(Dataset items)
Lemma big_sadd_le r u : (forall j, j \in r -> P j -> ole (nuv (F j)) u) ->
  ole (nuv (ssum r)) u.
Proof.
elim: r => [|x r IH] H; first by rewrite big_nil.
rewrite big_cons; have IH' := IH (fun j jr => H j (@mem_behead _ (x :: r) j jr)).
by case: ifP => Px //; rewrite nuv_sadd omax_le // H ?mem_head.
Qed.

Lemma big_sadd_lt r u : u != None -> (forall j, j \in r -> P j -> olt (nuv (F j)) u) ->
  olt (nuv (ssum r)) u.
Proof.
move=> un; elim: r => [|x r IH] H; first by rewrite big_nil; case: u un H.
rewrite big_cons; have IH' := IH (fun j jr => H j (@mem_behead _ (x :: r) j jr)).
by case: ifP => Px //; rewrite nuv_sadd omax_lt // H ?mem_head.
Qed.

Lemma tangible_big_sadd_max r i : uniq r -> tangible (ssum r) ->
  i \in r -> P i -> nuv (F i) = nuv (ssum r) ->
  forall j, j \in r -> P j -> j != i -> olt (nuv (F j)) (nuv (ssum r)).
Proof.
elim: r => [|x r IH] //; rewrite cons_uniq big_cons => /andP[xr ur] T.
rewrite !inE => /orP[/eqP Ei|ir] Pi E j /orP[/eqP Ej|jr] Pj ji; subst.
- by rewrite eqxx in ji.
- move: T E; rewrite Pi => /sadd_tangible/orP[]/andP[T lt].
    by rewrite (tangible_saddl T lt).2 => _; apply: ole_lt_trans (le_big_sadd jr Pj) lt.
  by rewrite (tangible_saddr T lt).2 => E; move: lt; rewrite E oltxx.
- move: T E; rewrite Pj => /sadd_tangible/orP[]/andP[T lt] E.
    by have := olt_ngt lt; rewrite -(tangible_saddl T lt).2 -E (le_big_sadd ir Pi).
  by rewrite (tangible_saddr T lt).2.
- move: T E; case: ifP => Px //.
    move=> /sadd_tangible/orP[]/andP[T lt] E.
    by have := olt_ngt lt; rewrite -(tangible_saddl T lt).2 -E (le_big_sadd ir Pi).
  rewrite (tangible_saddr T lt).2 in E *; exact: IH ur T ir Pi E j jr Pj ji.
  by move=> T E; apply: IH ur T ir Pi E j jr Pj ji.
Qed.

Lemma tangible_big_sadd_of_max r i : uniq r -> i \in r -> P i -> tangible (F i) ->
  (forall j, j \in r -> P j -> j != i -> olt (nuv (F j)) (nuv (F i))) ->
  tangible (ssum r) /\ nuv (ssum r) = nuv (F i).
Proof.
elim: r => [|x r IH] //; rewrite cons_uniq big_cons inE => /andP[xr ur] /orP[/eqP Ei|ir] Pi Ti H.
  subst; rewrite Pi; apply: tangible_saddl => //; apply: big_sadd_lt; first by case: (F x) Ti.
  by move=> j jr Pj; apply: H; rewrite ?inE ?jr ?orbT //; apply: contraNneq xr => <-.
have [T E] := IH ur ir Pi Ti (fun j jr => H j (@mem_behead _ (x :: r) j jr)).
case: ifP => Px; last by [].
have xi : x != i by apply: contraNneq xr => ->.
by rewrite -E in H *; apply: tangible_saddr T (H x (mem_head _ _) Px xi).
Qed.

End SupertropicalSums.

(** * Principal minors and the characteristic polynomial *)

Section PrincipalMinors.
Variable G : porderZmodType.
Hypothesis hG : ordered_abelian_group G.
Variables (n : nat) (A : 'M[stf G]_n).

Lemma pterm_le_pdet (S : {set 'I_n}) (s : 'S_n) : perm_on S s ->
  ole (nuv (st_pterm A S s)) (nuv (st_pdet A S)).
Proof. exact: (le_big_sadd hG) (mem_index_enum _). Qed.

Lemma pdet_le_alpha (S : {set 'I_n}) : ole (nuv (st_pdet A S)) (nuv (st_alpha A #|S|)).
Proof. exact: (le_big_sadd hG) (mem_index_enum _) _. Qed.

Lemma pterm_le_alpha (S : {set 'I_n}) (s : 'S_n) : perm_on S s ->
  ole (nuv (st_pterm A S s)) (nuv (st_alpha A #|S|)).
Proof. by move=> Ss; apply: ole_trans (pterm_le_pdet Ss) (pdet_le_alpha S). Qed.

Lemma nuv_alpha0 : nuv (st_alpha A 0) = Some 0.
Proof.
apply: ole_anti; last first.
  by have := pterm_le_alpha (perm_on1 set0); rewrite cards0 /st_pterm big_set0.
apply: big_sadd_le => S _ /eqP/cards0_eq ->.
by apply: big_sadd_le => s _ _; rewrite /st_pterm big_set0 /=.
Qed.

Lemma Ind_dominant k x : x \in st_Ind A k ->
  #|st_Ind A k| = k /\
  exists2 s, perm_on (st_Ind A k) s & nuv (st_pterm A (st_Ind A k) s) = nuv (st_alpha A k).
Proof.
rewrite /st_Ind; case: pickP => [S /andP[/eqP cS /existsP[s /andP[Ss /eqP E]]]|_] /=.
  by split => //; exists s.
by rewrite inE.
Qed.

Lemma pterm_lt_alpha k (S S' : {set 'I_n}) (s s' : 'S_n) : tangible (st_alpha A k) ->
  #|S| = k -> perm_on S s -> nuv (st_pterm A S s) = nuv (st_alpha A k) ->
  #|S'| = k -> S' != S -> perm_on S' s' ->
  olt (nuv (st_pterm A S' s')) (nuv (st_alpha A k)).
Proof.
move=> Tk cS Ss E cS' S'S S's'.
have ES : nuv (st_pdet A S) = nuv (st_alpha A k).
  by apply: ole_anti; [rewrite -cS pdet_le_alpha | rewrite -E pterm_le_pdet].
apply: ole_lt_trans (pterm_le_pdet S's') _.
apply: (tangible_big_sadd_max hG (index_enum_uniq _) Tk (mem_index_enum S));
  by rewrite ?mem_index_enum ?cS ?cS'.
Qed.

Lemma perm_onT (s : 'S_n) : perm_on [set: 'I_n] s.
Proof. exact/subsetP. Qed.

Lemma perm_on1_fixed (a : 'I_n) (s : 'S_n) : perm_on [set a] s -> s a = a.
Proof. by move=> Ps; apply/eqP; rewrite -in_set1 (perm_closed a Ps) set11. Qed.

Lemma pterm1 (a : 'I_n) (s : 'S_n) : st_pterm A [set a] s = A a (s a).
Proof. by rewrite /st_pterm big_set1. Qed.

Lemma pterm2 (a b : 'I_n) (s : 'S_n) : a != b ->
  st_pterm A [set a; b] s = smul (A a (s a)) (A b (s b)).
Proof. by move=> ab; rewrite /st_pterm big_setU1 ?inE //= big_set1. Qed.

Lemma Ind1_eq t : t \in st_Ind A 1 ->
  st_Ind A 1 = [set t] /\ nuv (A t t) = nuv (st_alpha A 1).
Proof.
move=> tI; have [/eqP/cards1P[a Ea] [s Ps E]] := Ind_dominant tI.
move: tI Ps E; rewrite Ea inE => /eqP -> Ps; split=> //.
by rewrite -E pterm1 perm_on1_fixed.
Qed.

Lemma pterm_setD1 (S : {set 'I_n}) (a : 'I_n) (s : 'S_n) : a \in S ->
  st_pterm A S s = smul (A a (s a)) (st_pterm A (S :\ a) s).
Proof. by move=> aS; rewrite /st_pterm (big_setD1 a aS). Qed.

Lemma perm_on2_cases (a b : 'I_n) (s : 'S_n) : a != b -> perm_on [set a; b] s ->
  s a = a /\ s b = b \/ s a = b /\ s b = a.
Proof.
move=> ab Ps; have := perm_closed a Ps; have := perm_closed b Ps.
rewrite !inE !eqxx orbT /= => /orP[]/eqP sb /orP[]/eqP sa; try by [left | right].
  by move: ab; rewrite -(inj_eq (@perm_inj _ s)) sa sb eqxx.
by move: ab; rewrite -(inj_eq (@perm_inj _ s)) sa sb eqxx.
Qed.

End PrincipalMinors.

Lemma strict_incr_id (n : nat) (f : nat -> nat) : f 0%N = 0%N ->
  (forall k, (0 < k <= n)%N -> (f k.-1 < f k)%N) -> (f n <= n)%N ->
  forall k, (k <= n)%N -> f k = k.
Proof.
move=> f0 incr fn k kn.
have grow m j : (m + j <= n)%N -> (f m + j <= f (m + j))%N.
  elim: j => [|j IH] mjn; first by rewrite !addn0.
  have : (f (m + j) < f (m + j).+1)%N by apply: (incr (m + j).+1); lia.
  by rewrite addnS in mjn *; move: (IH (ltnW mjn)); lia.
by move: (grow 0%N k) (grow k (n - k)%N); rewrite f0 !add0n subnKC //; lia.
Qed.

Lemma corner_value (G : zmodType) (a b x : G) m : a + x *+ m.+1 = b + x *+ m -> b = a + x.
Proof. by rewrite mulrS addrA => /addIr. Qed.

Section CharacteristicPolynomial.
Variables (G : porderZmodType) (n : nat) (A : 'M[stf G]_n).
Hypothesis hG : ordered_abelian_group G.

Lemma nuv_spow (x : G) m : nuv (spow (STan x) m) = Some (x *+ m).
Proof. by elim: m => //= m; case: (spow _ m) => //= y [->]; rewrite mulrS. Qed.

Lemma nuv_monom k x :
  nuv (st_monom A k (STan x)) = oadd (nuv (st_alpha A k)) (Some (x *+ (n - k))).
Proof. by rewrite /st_monom nuv_smul nuv_spow. Qed.

Variables (lam : nat -> G) (i : nat -> nat).
Hypotheses (halpha : forall k, (k <= n)%N -> tangible (st_alpha A k))
  (hi0 : i 0%N = 0%N)
  (hiess : forall k, (k <= n)%N -> (i k <= n)%N /\ st_essential A (i k))
  (hinc : forall k, (1 <= k <= n)%N -> (i k.-1 < i k)%N)
  (hcorner : forall k, (1 <= k <= n)%N ->
     nu_eq (st_monom A (i k.-1) (STan (lam k))) (st_monom A (i k) (STan (lam k)))).

Lemma essential_index k : (k <= n)%N -> i k = k.
Proof. exact: strict_incr_id hi0 hinc (hiess (leqnn n)).1 k. Qed.

Lemma alpha_corner k : (1 <= k <= n)%N ->
  nuv (st_alpha A k) = oadd (nuv (st_alpha A k.-1)) (Some (lam k)).
Proof.
case: k => // k kn; have := hcorner kn; have {kn}[_ kn] := andP kn.
rewrite /nu_eq !nuv_monom /= !essential_index ?(ltnW kn) // -(subnSK kn).
have := halpha kn; have := halpha (ltnW kn).
case: (st_alpha A k) (st_alpha A k.+1) => [|a|a] // [|b|b] //= _ _.
by move=> /eqP[/corner_value ->].
Qed.

(* The point where the [k]-th monomial is essential lies strictly between
   [lam k.+1] and [lam k]. *)
Lemma lam_decreasing k : (0 < k < n)%N -> lam k.+1 < lam k.
Proof.
case: k => // k /andP[_ kn]; have kn' := ltnW kn.
have [y ess] := (hiess kn').2; rewrite essential_index // in ess.
have := ess k (ltnW kn') (negbT (ltn_eqF (ltnSn k))).
have := ess k.+2 kn (negbT (gtn_eqF (ltnSn _))).
rewrite !nu_ltE !nuv_monom (alpha_corner (k := k.+2)) ?(alpha_corner (k := k.+1)) //=.
rewrite -(subnSK kn') -(subnSK kn); move: (n - k.+2)%N => m.
have := halpha (ltnW kn'); case: (nuv (st_alpha A k)) => // a _.
rewrite /= !mulrS; move: (y *+ m) => z; oag_lia.
Qed.

Lemma essential_Ind (t : nat -> 'I_n) :
  (forall k, (1 <= k <= n)%N -> t k \in st_Ind A (i k) :\: st_Ind A (i k.-1)) ->
  forall k, (1 <= k <= n)%N -> t k \in st_Ind A k :\: st_Ind A k.-1.
Proof.
move=> ht k kn; have /andP[_ k_n] := kn; have := ht k kn.
by rewrite (essential_index k_n) (essential_index (leq_trans (leq_pred k) k_n)).
Qed.

End CharacteristicPolynomial.

(** * The eigenvector matrix *)

Section SmallDeterminants.
Variable G : porderZmodType.
Hypothesis hG : ordered_abelian_group G.

Lemma le_sdet m (M : 'M[stf G]_m) (s : 'S_m) :
  ole (nuv (\big[@smul G/@sone G]_(i < m) M i (s i))) (nuv (sdet M)).
Proof.
exact: (le_big_sadd hG (fun s : 'S_m => \big[@smul G/@sone G]_(i < m) M i (s i)))
  (mem_index_enum s) isT.
Qed.

Lemma nuv_sdet1 (N : 'M[stf G]_1) : nuv (sdet N) = nuv (N ord0 ord0).
Proof.
have E (s : 'S_1) : \big[@smul G/@sone G]_(i < 1) N i (s i) = N ord0 ord0.
  by rewrite big_ord1 [s _]ord1.
apply: ole_anti; first by apply: big_sadd_le => s _ _; rewrite E ole_refl.
by rewrite -(E 1%g) le_sdet.
Qed.

Lemma ord2_cases (z : 'I_2) : z = ord0 \/ z = ord_max.
Proof. by case: z => -[|[|]] // ?; [left | right]; apply: val_inj. Qed.

Lemma perm2_cases (s : 'S_2) : s = 1%g \/ s = tperm ord0 ord_max.
Proof.
have smax : s ord_max = s ord0 -> False by move/perm_inj/(congr1 val).
have [s0|s0] := ord2_cases (s ord0); [left | right]; apply/permP => z;
  rewrite ?perm1; case: (ord2_cases z) => ->; rewrite ?tpermL ?tpermR //;
  by case: (ord2_cases (s ord_max)) => // E; case: smax; rewrite E s0.
Qed.

Lemma nuv_sdet2 (N : 'M[stf G]_2) : nuv (sdet N) =
  per2 (nuv (N ord0 ord0)) (nuv (N ord0 ord_max)) (nuv (N ord_max ord0)) (nuv (N ord_max ord_max)).
Proof.
have E (s : 'S_2) : nuv (\big[@smul G/@sone G]_(i < 2) N i (s i)) =
    oadd (nuv (N ord0 (s ord0))) (nuv (N ord_max (s ord_max))).
  by rewrite big_ord_recl big_ord1 nuv_smul (_ : lift ord0 ord0 = ord_max) //; apply: val_inj.
apply: ole_anti.
  apply: big_sadd_le => s _ _; rewrite E; case: (perm2_cases s) => ->.
    by rewrite !perm1 ole_omaxl.
  by rewrite tpermL tpermR (ole_omaxr hG).
apply: omax_le; first by move: (le_sdet N 1%g); rewrite E !perm1.
by move: (le_sdet N (tperm ord0 ord_max)); rewrite E tpermL tpermR.
Qed.

Lemma nuv_addscal n (M : 'M[stf G]_n) l a b :
  nuv (st_addscal M l a b) = if a == b then omax (nuv (M a a)) (nuv l) else nuv (M a b).
Proof. by rewrite mxE; case: eqP => [->|]; rewrite ?nuv_sadd. Qed.

Lemma st_skip_lift m (t : 'I_m) (r : 'I_m.-1) : st_skip t r = lift t r.
Proof. by apply: val_inj; rewrite /st_skip val_insubd (ltn_ord (lift t r)). Qed.

Lemma lift2_other (h a : 'I_2) : a != h -> lift h ord0 = a.
Proof. by move: h a; do 2!case=> -[|[|?]] //= ?; move=> _; apply: val_inj. Qed.

Lemma lift3_others (h a b : 'I_3) : a != h -> b != h -> a != b ->
  lift h ord0 = a /\ lift h ord_max = b \/ lift h ord0 = b /\ lift h ord_max = a.
Proof.
by move: h a b; do 3!case=> -[|[|[|?]]] //= ?;
  do ?[left; split; exact: val_inj | right; split; exact: val_inj].
Qed.

Lemma nuv_minor2 (M : 'M[stf G]_2) (r c r1 c1 : 'I_2) : r1 != r -> c1 != c ->
  nuv (sdet (st_minor M r c)) = nuv (M r1 c1).
Proof.
move=> r1r c1c.
by rewrite nuv_sdet1 /st_minor mxE !st_skip_lift (lift2_other r1r) (lift2_other c1c).
Qed.

Lemma nuv_minor3 (M : 'M[stf G]_3) (r c r1 r2 c1 c2 : 'I_3) :
  r1 != r -> r2 != r -> r1 != r2 -> c1 != c -> c2 != c -> c1 != c2 ->
  nuv (sdet (st_minor M r c)) =
  per2 (nuv (M r1 c1)) (nuv (M r1 c2)) (nuv (M r2 c1)) (nuv (M r2 c2)).
Proof.
move=> r1r r2r r12 c1c c2c c12; rewrite nuv_sdet2 /st_minor !mxE !st_skip_lift.
case: (lift3_others r1r r2r r12) => -[-> ->];
case: (lift3_others c1c c2c c12) => -[-> ->] //.
- exact: per2_swap_cols.
- exact: per2_swap_rows.
- exact: etrans (per2_swap_cols hG _ _ _ _) (per2_swap_rows hG _ _ _ _).
Qed.

End SmallDeterminants.

Ltac case_finite :=
  repeat match goal with |- context [?v] =>
    is_var v; lazymatch type of v with option _ => let a := fresh in destruct v as [a|] end
  end; simpl in *; try done.

Ltac max_plus_lt :=
  lazymatch goal with hG : ordered_abelian_group _ |- _ =>
    rewrite /per2 !(oadd_omaxl hG, oadd_omaxr hG); repeat apply: omax_lt;
    case_finite; oag_lia
  end.

Section EigenmatrixDominance3.
Variables (G : porderZmodType) (l1 l2 l3 : G).
Variables x11 x12 x13 x21 x22 x23 x31 x32 x33 : option G.
Hypotheses (hG : ordered_abelian_group G) (hl21 : l2 < l1) (hl32 : l3 < l2)
  (hx11 : x11 = Some l1)
  (h11_22 : ole (oadd x11 x22) (Some (l1 + l2)))
  (h12_21 : ole (oadd x12 x21) (Some (l1 + l2)))
  (h2_max : ole (Some (l1 + l2)) (per2 x11 x12 x21 x22))
  (h11_33 : olt (oadd x11 x33) (Some (l1 + l2)))
  (h13_31 : olt (oadd x13 x31) (Some (l1 + l2)))
  (h11_23_32 : ole (oadd x11 (oadd x23 x32)) (Some (l1 + l2 + l3)))
  (h12_23_31 : ole (oadd x12 (oadd x23 x31)) (Some (l1 + l2 + l3)))
  (h13_32_21 : ole (oadd x13 (oadd x32 x21)) (Some (l1 + l2 + l3))).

INSTRUCTIONS FOR THE TASK:
Your response should be each line that includes the word "split", copied from the records.

ANSWER FOR THIS EXERCISE:
  by split => //; exists s.
move: tI Ps E; rewrite Ea inE => /eqP -> Ps; split=> //.
  do ?[left; split; exact: val_inj | right; split; exact: val_inj].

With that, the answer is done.